**** Source data ****

Lemma near_int_cases t j j' : near_int t j -> near_int t j' ->
  j' = j \/ (j' = (j + 1)%Z /\ t = IZR j + 1/2) \/ (j = (j' + 1)%Z /\ t = IZR j' + 1/2).
Proof.
  unfold near_int; intros Hj Hj'.
  assert (Hle : (j' - j <= 1)%Z) by (apply le_IZR; rewrite minus_IZR; lra).
  assert (Hge : (-1 <= j' - j)%Z) by (apply le_IZR; rewrite minus_IZR; simpl; lra).
  assert (j' = j \/ j' = j + 1 \/ j = j' + 1)%Z as [-> | [-> | ->]] by lia;
    rewrite ?plus_IZR in *; simpl in *; [left | right; left | right; right]; split; auto; lra.
Qed.

Lemma nearest_int_0 : nearest_int 0 = 0%Z.
Proof.
  destruct (nearest_int_near 0) as [Hlo Hhi].
  assert (Hlt : (nearest_int 0 < 1)%Z) by (apply lt_IZR; simpl; lra).
  assert (Hgt : (-1 < nearest_int 0)%Z) by (apply lt_IZR; simpl; lra).
  lia.
Qed.

Section Tulap0.
Variable b : R.
Hypothesis b_bounds : 0 < b < 1.

Definition tulap_piece (t : R) (j : Z) : R :=
  powerRZ b (- j) / (1 + b) * (b + (t - IZR j + 1/2) * (1 - b)).

Lemma tulap_piece_succ t j : tulap_piece (t + 1) (j + 1) = tulap_piece t j / b.
Proof.
  unfold tulap_piece; rewrite Z.opp_add_distr, powerRZ_add, plus_IZR by lra.
  simpl; field; lra.
Qed.

(* The pieces agree at half-integers, so the tie-breaking rule of [nearest_int] is irrelevant. *)
Lemma tulap_piece_near t j j' :
  near_int t j -> near_int t j' -> tulap_piece t j = tulap_piece t j'.
Proof.
  intros Hj Hj'.
  destruct (near_int_cases t j j' Hj Hj') as [-> | [[-> ->] | [-> ->]]]; [reflexivity| |];
    unfold tulap_piece; rewrite Z.opp_add_distr, powerRZ_add, plus_IZR by lra;
    simpl; field; lra.
Qed.

Lemma tulap_piece_sym0 t : tulap_piece t 0 = 1 - tulap_piece (- t) 0.
Proof. unfold tulap_piece; simpl; field; lra. Qed.

Lemma tulap0_cdf_pieces t : tulap0_cdf 0 b t =
  if Rle_dec t 0 then tulap_piece t (nearest_int t)
  else 1 - tulap_piece (- t) (- nearest_int t).
Proof.
  unfold tulap0_cdf, tulap_piece; cbv zeta.
  rewrite nearest_int_0, Rminus_0_r, Z.opp_involutive, opp_IZR.
  destruct (Rle_dec t (IZR 0)); [reflexivity|].
  do 3 f_equal; ring.
Qed.

Lemma tulap0_cdf_left t j : t <= 1/2 -> near_int t j -> tulap0_cdf 0 b t = tulap_piece t j.
Proof.
  intros Ht Hj; rewrite tulap0_cdf_pieces.
  destruct (Rle_dec t 0).
  - apply tulap_piece_near; auto using nearest_int_near.
  - assert (H0 : near_int t 0) by (unfold near_int; simpl; lra).
    rewrite (tulap_piece_near (- t) _ 0 (near_int_opp _ _ (nearest_int_near t)))
      by (apply near_int_opp in H0; exact H0).
    rewrite <- tulap_piece_sym0; apply tulap_piece_near; auto.
Qed.

Lemma tulap0_cdf_right t j : - (1/2) <= t -> near_int t j ->
  tulap0_cdf 0 b t = 1 - tulap_piece (- t) (- j).
Proof.
  intros Ht Hj; rewrite tulap0_cdf_pieces.
  destruct (Rle_dec t 0).
  - assert (H0 : near_int t 0) by (unfold near_int; simpl; lra).
    rewrite (tulap_piece_near t _ 0 (nearest_int_near t) H0), tulap_piece_sym0.
    f_equal; apply tulap_piece_near; [apply near_int_opp in H0; exact H0|].
    now apply near_int_opp.
  - f_equal; apply tulap_piece_near; apply near_int_opp; auto using nearest_int_near.
Qed.

Lemma tulap_piece_bounds t j : t <= - (1/2) -> near_int t j ->
  0 <= tulap_piece t j <= b / (1 + b).
Proof.
  unfold near_int; intros Ht Hj.
  assert (Hj0 : (j <= 0)%Z) by (apply le_IZR; simpl; lra).
  destruct (Z.eq_dec j 0) as [-> | Hne].
  - replace t with (- (1/2)) by (simpl in Hj; lra).
    replace (tulap_piece (- (1/2)) 0) with (b / (1 + b)) by (unfold tulap_piece; simpl; field; lra).
    split; [apply Rlt_le, Rdiv_pos_pos|]; lra.
  - assert (Hpow : 0 <= powerRZ b (- j) <= b).
    { rewrite <- (Z2Nat.id (- j)), <- pow_powerRZ by lia.
      destruct (Z.to_nat (- j)) as [|k] eqn:Hk; [lia|].
      pose proof (pow_incr b 1 k ltac:(lra)); pose proof (pow_le b k ltac:(lra)).
      rewrite pow1 in *; simpl; nra. }
    assert (Hfac : b <= b + (t - IZR j + 1/2) * (1 - b) <= 1) by nra.
    assert (Hinv : 0 < / (1 + b)) by (apply Rinv_0_lt_compat; lra).
    unfold tulap_piece.
    set (p := powerRZ b (- j)) in *; set (f := b + (t - IZR j + 1/2) * (1 - b)) in *.
    assert (Hpf : 0 <= p * f <= b) by nra.
    replace (p / (1 + b) * f) with (p * f * / (1 + b)) by (field; lra).
    unfold Rdiv; split; [apply Rmult_le_pos | apply Rmult_le_compat_r]; lra.
Qed.

Lemma tulap0_cdf_succ_cases t :
  (tulap0_cdf 0 b (t + 1) = tulap0_cdf 0 b t / b /\ 0 <= tulap0_cdf 0 b t <= b / (1 + b)) \/
  (1 - tulap0_cdf 0 b (t + 1) = b * (1 - tulap0_cdf 0 b t) /\ b / (1 + b) <= tulap0_cdf 0 b t <= 1).
Proof.
  set (j := nearest_int t); assert (Hj : near_int t j) by apply nearest_int_near.
  destruct (Rle_dec t (- (1/2))) as [Ht|Ht]; [left|right].
  - rewrite (tulap0_cdf_left t j), (tulap0_cdf_left (t + 1) (j + 1)) by (auto using near_int_succ; lra).
    split; [apply tulap_piece_succ | now apply tulap_piece_bounds].
  - set (j' := (- (j + 1))%Z).
    assert (Hj' : near_int (- (t + 1)) j') by (apply near_int_opp, near_int_succ, Hj).
    assert (Hsucc : tulap_piece (- t) (- j) = tulap_piece (- (t + 1)) j' / b).
    { rewrite <- tulap_piece_succ; f_equal; [ring | unfold j'; lia]. }
    rewrite (tulap0_cdf_right t j), (tulap0_cdf_right (t + 1) (j + 1)), Hsucc by (auto using near_int_succ; lra).
    fold j'; destruct (tulap_piece_bounds (- (t + 1)) j') as [Hlo Hhi]; [lra | auto |].
    set (y := tulap_piece (- (t + 1)) j') in *.
    assert (Hy : y = b * (y / b)) by (field; lra).
    assert (Hmid : b / (1 + b) * (1 + b) = b) by (field; lra).
    split; [field; lra | split; nra].
Qed.

Lemma tulap0_cdf_succ t :
  tulap0_cdf 0 b t <= tulap0_cdf 0 b (t + 1) /\
  tulap0_cdf 0 b (t + 1) = Rmin (tulap0_cdf 0 b t / b) (1 - b * (1 - tulap0_cdf 0 b t)).
Proof.
  set (x := tulap0_cdf 0 b t); set (y := tulap0_cdf 0 b (t + 1)).
  assert (Hx : x = b * (x / b)) by (field; lra).
  assert (Hmid : b / (1 + b) * (1 + b) = b) by (field; lra).
  destruct (tulap0_cdf_succ_cases t) as [[Hy [Hlo Hhi]] | [Hy [Hlo Hhi]]];
    fold x y in Hy, Hlo, Hhi.
  - apply (Rmult_le_compat_r (1 + b)) in Hhi; [|lra]; rewrite Hmid in Hhi.
    rewrite Hy, Rmin_left; nra.
  - apply (Rmult_le_compat_r (1 + b)) in Hlo; [|lra]; rewrite Hmid in Hlo.
    rewrite Rmin_right; nra.
Qed.
End Tulap0.

Definition clip (g : R) : R := Rmax 0 (Rmin 1 g).

Lemma clip_bounds g : 0 <= clip g <= 1.
Proof. unfold clip, Rmax, Rmin; repeat destruct Rle_dec; lra. Qed.

Lemma clip_le_compat g h : g <= h -> clip g <= clip h.
Proof. intro H; apply Rle_max_compat_l, Rle_min_compat_l, H. Qed.

Lemma clip_id g : 0 <= g <= 1 -> clip g = g.
Proof. unfold clip, Rmax, Rmin; repeat destruct Rle_dec; lra. Qed.

Lemma clip_pos_le g : 0 < clip g -> clip g <= g.
Proof. unfold clip, Rmax, Rmin; repeat destruct Rle_dec; lra. Qed.

Lemma clip_le_self y : 0 <= y -> clip y <= y.
Proof. unfold clip, Rmax, Rmin; repeat destruct Rle_dec; lra. Qed.

Lemma clip_le_monotone (f : R -> R) g :
  (forall u v, u <= v -> f u <= f v) -> 0 <= f 0 -> 1 <= f 1 -> clip (f g) <= f (clip g).
Proof.
  intros Hf H0 H1.
  destruct (Rle_dec g 0) as [Hg0|Hg0]; [|destruct (Rle_dec 1 g) as [Hg1|Hg1]].
  - replace (clip g) with 0 by (unfold clip, Rmax, Rmin; repeat destruct Rle_dec; lra).
    apply (Rle_trans _ (clip (f 0))); [apply clip_le_compat, Hf, Hg0 | apply clip_le_self, H0].
  - replace (clip g) with 1 by (unfold clip, Rmax, Rmin; repeat destruct Rle_dec; lra).
    pose proof (clip_bounds (f g)); lra.
  - rewrite (clip_id g) by lra; apply clip_le_self.
    pose proof (Hf 0 g ltac:(lra)); lra.
Qed.

Lemma Rmin_monotone_map (f : R -> R) y z :
  (forall u v, u <= v -> f u <= f v) -> f (Rmin y z) = Rmin (f y) (f z).
Proof.
  intro Hf; unfold Rmin.
  destruct (Rle_dec y z) as [H|H]; destruct (Rle_dec (f y) (f z)) as [H'|H']; auto.
  - contradiction (H' (Hf _ _ H)).
  - apply Rle_antisym; [apply Hf; lra | exact H'].
Qed.

Lemma tulap_cdf_clip m b q t : 0 <= q < 1 ->
  tulap_cdf m b q t = clip ((tulap0_cdf m b t - q / 2) / (1 - q)).
Proof.
  intro Hq; unfold tulap_cdf; cbv zeta.
  set (g := (tulap0_cdf m b t - q / 2) / (1 - q)).
  replace (tulap0_cdf m b t) with (q / 2 + (1 - q) * g) by (unfold g; field; lra).
  unfold clip, Rmax, Rmin; repeat destruct Rle_dec; repeat destruct Rlt_dec; try nra; field; lra.
Qed.

Definition dp_step (eps delta u v : R) : Prop :=
  u <= exp eps * v + delta /\ v <= exp eps * u + delta /\
  1 - u <= exp eps * (1 - v) + delta /\ 1 - v <= exp eps * (1 - u) + delta.

Definition dp_bound (eps delta u : R) : R :=
  Rmin (exp eps * u + delta) (1 - exp (- eps) * (1 - u - delta)).

Definition dp_next (eps delta u : R) : R := clip (dp_bound eps delta u).

Section DifferentialPrivacy.
Variables eps delta : R.
Hypothesis eps_pos : 0 < eps.
Hypothesis delta_ge0 : 0 <= delta.

Local Notation c := (exp eps).
Local Notation b := (exp (- eps)).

****

The lines above, starting at the one with "now apply near_int_opp." and ending at the one with "rewrite pow1 in", are the only ones to return, exactly as written.

Response:
    now apply near_int_opp.
  - f_equal; apply tulap_piece_near; apply near_int_opp; auto using nearest_int_near.
Qed.

Lemma tulap_piece_bounds t j : t <= - (1/2) -> near_int t j ->
  0 <= tulap_piece t j <= b / (1 + b).
Proof.
  unfold near_int; intros Ht Hj.
  assert (Hj0 : (j <= 0)%Z) by (apply le_IZR; simpl; lra).
  destruct (Z.eq_dec j 0) as [-> | Hne].
  - replace t with (- (1/2)) by (simpl in Hj; lra).
    replace (tulap_piece (- (1/2)) 0) with (b / (1 + b)) by (unfold tulap_piece; simpl; field; lra).
    split; [apply Rlt_le, Rdiv_pos_pos|]; lra.
  - assert (Hpow : 0 <= powerRZ b (- j) <= b).
    { rewrite <- (Z2Nat.id (- j)), <- pow_powerRZ by lia.
      destruct (Z.to_nat (- j)) as [|k] eqn:Hk; [lia|].
      pose proof (pow_incr b 1 k ltac:(lra)); pose proof (pow_le b k ltac:(lra)).
      rewrite pow1 in *; simpl; nra. }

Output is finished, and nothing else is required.